Qu’est-ce que COBOL et pourquoi tant d’institutions en dépendent?



Le chef de l’exécutif du New Jersey a récemment évoqué le COBOL, un langage de programmation sexagénaire. Mais qu’est-ce que c’est, concrètement ? Et comment se fait-il qu’il demeure un pilier du secteur financier, alors que son utilisation est méconnue de la plupart ?

Les racines du COBOL

Grace Hopper était une figure exceptionnelle. Titulaire d’un doctorat en mathématiques de Yale, professeure à Vassar, elle a gravi les échelons de l’US Navy jusqu’au grade de contre-amiral. Ses contributions au domaine de l’informatique sont attestées par les nombreuses fondations et programmes créés en son hommage. Le Centre national de calcul scientifique pour la recherche énergétique a baptisé son supercalculateur Cray XE6 en son honneur. La Marine a également donné son nom à un destroyer lance-missiles, l’USS Hopper. La devise du navire, « Aude et Effice » (« Oser et faire »), aurait pu être forgée en pensant à Hopper.

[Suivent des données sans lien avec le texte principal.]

Lemma Ghomotopic_on_comp_r {U} {V : set Y} {s : X -> Y} {h0 h1 : Y -> Z} :
  {homo s : x / U x >-> V x} -> Gmap_on U s ->
  Ghomotopic_on V h0 h1 -> Ghomotopic_on U (h0 \o s) (h1 \o s).
Proof.
move=> sUV [cs es] [F [cF F0 F1 eF]]; exists (fun x t => F (s x) t); split.
- apply: (@within_continuous_comp _ _ _ _ (V `*` unitI)
    (fun q : X * R => (s q.1, q.2)) (fun q => F q.1 q.2) cF).
    by move=> [x t] [/= Ux It]; split => //; exact: sUV.
  apply: within_continuous_pair; last exact: continuous_subspaceT snd_continuous.
  apply: (@within_continuous_comp _ _ _ _ U fst s cs); first by move=> q [].
  exact: continuous_subspaceT fst_continuous.
- by move=> x Ux /=; rewrite F0 //; exact: sUV.
- by move=> x Ux /=; rewrite F1 //; exact: sUV.
- by move=> g x t Ux It /=; rewrite es // eF //; exact: sUV.
Qed.

End Ghomotopy.

Section Orbits.
Context {G : TopGroup}.

Definition stabilizer (X : GSpace G) (y : X) : set G := [set g | gs_act X g y = y].

Lemma gs_actVK (X : GSpace G) (g : G) (x : X) :
  gs_act X (tg_inv g) (gs_act X g x) = x.
Proof. by rewrite -gs_actM tg_mulVg gs_act1. Qed.

Lemma act_orbit_continuous (X : GSpace G) (y : X) :
  continuous (fun g : G => gs_act X g y).
Proof.
apply/continuous_subspace_setT.
apply: (@within_continuous_comp _ _ _ setT setT (fun g : G => (g, y))
  (fun q : G * X => gs_act X q.1 q.2)
  (continuous_subspaceT (gs_act_cont _ X))) => //.
by apply: within_continuous_pair; apply: continuous_subspaceT => g;
  [exact: cvg_id|exact: cvg_cst].
Qed.

Lemma stabilizer_closed_subgroup {X : GSpace G} (y : X) :
  hausdorff_space X -> closed_subgroup (stabilizer X y).
Proof.
move=> hX; split.
- apply: (proj1 (continuous_closedP _) (act_orbit_continuous X y) [set y]).
  exact/accessible_closed_set1/hausdorff_accessible.
- exact: gs_act1.
- by move=> a b ha hb; rewrite /stabilizer /= gs_actM hb ha.
- by move=> a ha; rewrite /stabilizer /= -{1}ha gs_actVK.
Qed.

Lemma stabilizer_act_eq {X Y : GSpace G} {y : X} {z : Y} {g g' : G} :
  Gfixset Y (stabilizer X y) z ->
  gs_act X g y = gs_act X g' y -> gs_act Y g z = gs_act Y g' z.
Proof.
move=> Fz e; have /Fz : stabilizer X y (tg_mul (tg_inv g') g).
  by rewrite /stabilizer /= gs_actM e gs_actVK.
by rewrite gs_actM => /(congr1 (gs_act Y g')); rewrite -gs_actM tg_mulgV gs_act1.
Qed.

Lemma orbit_Gmap_on {X Y : GSpace G} {y : X} {z : Y} :
  compact [set: G] -> hausdorff_space X -> Gfixset Y (stabilizer X y) z ->
  exists2 s : X -> Y, Gmap_on (orbit y) s &
    forall g, s (gs_act X g y) = gs_act Y g z.
Proof.
move=> cG hX Fz.
have [s [sE cs]] := compact_factor_continuous z cG closedT hX
  (act_orbit_continuous X y) (continuous_subspaceT (act_orbit_continuous Y z))
  (fun g g' _ _ => stabilizer_act_eq Fz).
exists s => [|g]; last exact: sE.
by split => // g _ [h _ <-]; rewrite -gs_actM !sE // gs_actM.
Qed.

Lemma Ghomotopic_on_orbit_path {X : GSpace G} {y z : X} {gam : R -> X} :
  compact [set: G] -> hausdorff_space X -> (forall g, gs_act X g z = z) ->
  {within unitI, continuous gam} -> gam 0%R = z -> gam 1%R = y ->
  (forall t, unitI t -> Gfixset X (stabilizer X y) (gam t)) ->
  Ghomotopic_on (orbit y) (fun=> z) id.
Proof.
move=> cG hX Fz cgam gam0 gam1 Fgam.
pose A := [set: G] `*` unitI.
have cA : compact A by apply: compact_setX => //; exact: unitI_compact.
have clA : closed A by rewrite /A setTX; exact: closed_preimage_snd unitI_closed.
pose orb (q : G * R) := (gs_act X q.1 y, q.2).
have corb : continuous orb.
  apply/continuous_subspace_setT; apply: within_continuous_pair;
    apply: continuous_subspaceT; last exact: snd_continuous.
  move=> q.
  exact: continuous_comp (fst_continuous q) (act_orbit_continuous X y _).
have ch : {within A, continuous (fun q : G * R => gs_act X q.1 (gam q.2))}.
  apply: (@within_continuous_comp _ _ _ A setT (fun q : G * R => (q.1, gam q.2))
    (fun q : G * X => gs_act X q.1 q.2)
    (continuous_subspaceT (gs_act_cont _ X))) => //.
  apply: within_continuous_pair; first exact: continuous_subspaceT fst_continuous.
  apply: (@within_continuous_comp _ _ _ A unitI snd gam cgam); first by move=> q [].
  exact: continuous_subspaceT snd_continuous.
have wd q q' : A q -> A q' -> orb q = orb q' ->
    gs_act X q.1 (gam q.2) = gs_act X q'.1 (gam q'.2).
  case: q q' => [g t] [g' t'] _ [_ /= It'] [/= e ->].
  exact: stabilizer_act_eq (Fgam t' It') e.
have [phi [phiE cphi]] := compact_factor_continuous y cA clA
  (prod_hausdorff hX (@Rhausdorff _)) corb ch wd.
have [I0 I1] : unitI 0%R /\ unitI 1%R by split; apply/unitIE; lra.
exists (fun x t => phi (x, t)); split.
- apply: (@subspace_eq_continuous _ _ _ phi); first by case.
  apply: continuous_subspaceW cphi => -[_ t] [/= [g _ <-] It].
  by exists (g, t).
- by move=> _ [g _ <-]; rewrite (phiE (g, 0%R)) //= gam0 Fz.
- by move=> _ [g _ <-]; rewrite (phiE (g, 1%R)) //= gam1.
- move=> h _ t [g _ <-] It.
  by rewrite -gs_actM (phiE (tg_mul h g, t)) // (phiE (g, t)) //= gs_actM.
Qed.

End Orbits.

Section SectionalCategory.
Context {G : TopGroup} {E B : GSpace G} (p : E -> B).

Definition orbit_Gsection (y : B) : Prop :=
  exists s : B -> E, Gmap_on (orbit y) s /\ Ghomotopic_on (orbit y) (p \o s) id.

Lemma orbit_Gsection_lift {y : B} {e : E} :
  compact [set: G] -> hausdorff_space B -> Gmap p ->
  Gfixset E (stabilizer B y) e -> p e = y -> orbit_Gsection y.
Proof.
move=> cG hB [_ ep] Fe pe; have [s sG sE] := orbit_Gmap_on cG hB Fe.
exists s; split => //; apply: eq_Ghomotopic_on (Gmap_on_id _).
by move=> _ [g _ <-]; rewrite /= sE ep pe.
Qed.

Lemma orbit_Gsection_fixed_point {y : B} {e : E} :
  compact [set: G] -> hausdorff_space B -> Gmap p ->
  (forall g, gs_act E g e = e) -> path_connected (Gfixset B (stabilizer B y)) ->
  orbit_Gsection y.
Proof.
move=> cG hB [_ ep] Fe pcB.
have Fpe g : gs_act B g (p e) = p e by rewrite -ep Fe.
have [gam [cgam gam0 gam1 Fgam]] := pcB (p e) y (fun h _ => Fpe h) (fun h sh => sh).
exists (fun=> e); split.
  by split=> [|g x _]; [apply: continuous_subspaceT => x; exact: cvg_cst|rewrite Fe].
exact: Ghomotopic_on_orbit_path cG hB Fpe cgam gam0 gam1 Fgam.
Qed.

Lemma G_categorical_Gsection {U : set B} :
  (forall y, orbit_Gsection y) -> G_categorical U ->
  exists s : B -> E, Gmap_on U s /\ Ghomotopic_on U (p \o s) id.
Proof.
move=> sec [iU [f [y [fU hf]]]]; have [s [sG hs]] := sec y.
have fG := Ghomotopic_on_Gmap_on iU hf.
exists (s \o f); split; first exact: Gmap_on_comp fU fG sG.
apply: Ghomotopic_on_trans (Ghomotopic_on_sym hf).
exact: Ghomotopic_on_comp_r fU fG hs.
Qed.

Lemma cat_cover_secat_cover (k : nat) :
  (forall y, orbit_Gsection y) -> cat_cover B k -> secat_cover p k.
Proof.
move=> sec [U [hU covU]]; exists U; split => // i.
have [oU catU] := hU i.
by split => //; [case: catU | exact: G_categorical_Gsection sec catU].
Qed.

Lemma G_contractible_deformation :
  G_contractible E ->
  exists (f : E -> E) (e : E), (forall x, orbit e (f x)) /\ Ghomotopic_on setT id f.
Proof.
move=> /least_nat_some [U [hU covU]].
have UT : U ord0 = setT.
  by apply/seteqP; split => // x _; have [i] := covU x; rewrite (ord1 i).
have [_ [_ [f [e [fU hf]]]]] := hU ord0; rewrite UT in fU hf.
by exists f, e; split => // x; exact: fU.
Qed.

Lemma secat_cover_cat_cover (k : nat) :
  Gmap p -> G_contractible E -> secat_cover p k -> cat_cover B k.
Proof.
move=> pG /G_contractible_deformation [f [e [fE hf]]] [U [hU covU]].
exists U; split => // i; have [oU iU [s [sG hs]]] := hU i.
split=> //; split=> //; exists (p \o f \o s), (p e); split.
  move=> x _; have [g _ gfsx] := fE (s x).
  by exists g => //; rewrite /= -gfsx; case: pG => _ ->.
apply: Ghomotopic_on_trans (Ghomotopic_on_sym hs) _.
apply: Ghomotopic_on_comp_l pG _.
exact: Ghomotopic_on_comp_r (fun _ _ => I) sG hf.
Qed.

End SectionalCategory.

Theorem corollary4p7 (G : TopGroup) (E B : GSpace G) (p : E -> B) :
  compact [set: G] -> hausdorff_space G ->
  hausdorff_space E -> hausdorff_space B ->
  Gmap p ->
  G_contractible E ->
  ((G_connected B /\ Gfixset E [set: G] !=set0) \/
   (forall H : set G, closed_subgroup H -> p @` Gfixset E H = Gfixset B H)) ->
  secatG p = catG B.
Proof.
move=> cG _ _ hB pG cE hyp.
have sec y : orbit_Gsection p y.
  have Sy := stabilizer_closed_subgroup y hB.
  case: hyp => [[GcB [e Fe]]|surj].
    exact: orbit_Gsection_fixed_point cG hB pG (fun g => Fe g I) (GcB _ Sy).
  have : Gfixset B (stabilizer B y) y by [].
  rewrite -(surj _ Sy) => -[e Fe pe].
  exact: orbit_Gsection_lift cG hB pG Fe pe.
rewrite /secatG /catG; congr least_nat; apply/funext => k; apply/propext; split.
- exact: secat_cover_cat_cover.
- exact: cat_cover_secat_cover.
Qed.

Animée par la volonté de concevoir un langage de programmation plus proche de l’anglais que le langage machine compris par les ordinateurs, Hopper a élaboré le premier compilateur. Cette innovation a ouvert la voie aux premiers langages compilés, tels que le FLOW-MATIC. Elle a ainsi obtenu un siège à la Conférence/Commission sur les langages de systèmes de données (CODASYL) en 1959.

Elle a également joué un rôle majeur dans la définition et le développement du COBOL (Common Business-Oriented Language). La première réunion a eu lieu le 23 juin 1959, et son rapport ainsi que la spécification du langage COBOL ont suivi en avril 1960.

Le COBOL : une révolution

Le COBOL recelait des concepts novateurs. Le plus notable était sans doute sa capacité à fonctionner sur des équipements fabriqués par différents constructeurs, une prouesse inédite à l’époque.

Ce langage était élaboré et proposait un vocabulaire proche de l’anglais, facilitant le travail des programmeurs. Il était conçu pour traiter des volumes de données colossaux et garantir une précision mathématique exceptionnelle.

Son lexique de mots-clés (les mots qui constituent le langage) avoisine les 400. Un programmeur agence ces mots-clés de manière syntaxiquement cohérente pour créer un programme.

Tout programmeur familier avec d’autres langages vous confirmera que 400 est un nombre impressionnant de mots-clés. À titre de comparaison, le langage C en compte 32, et Python, 33.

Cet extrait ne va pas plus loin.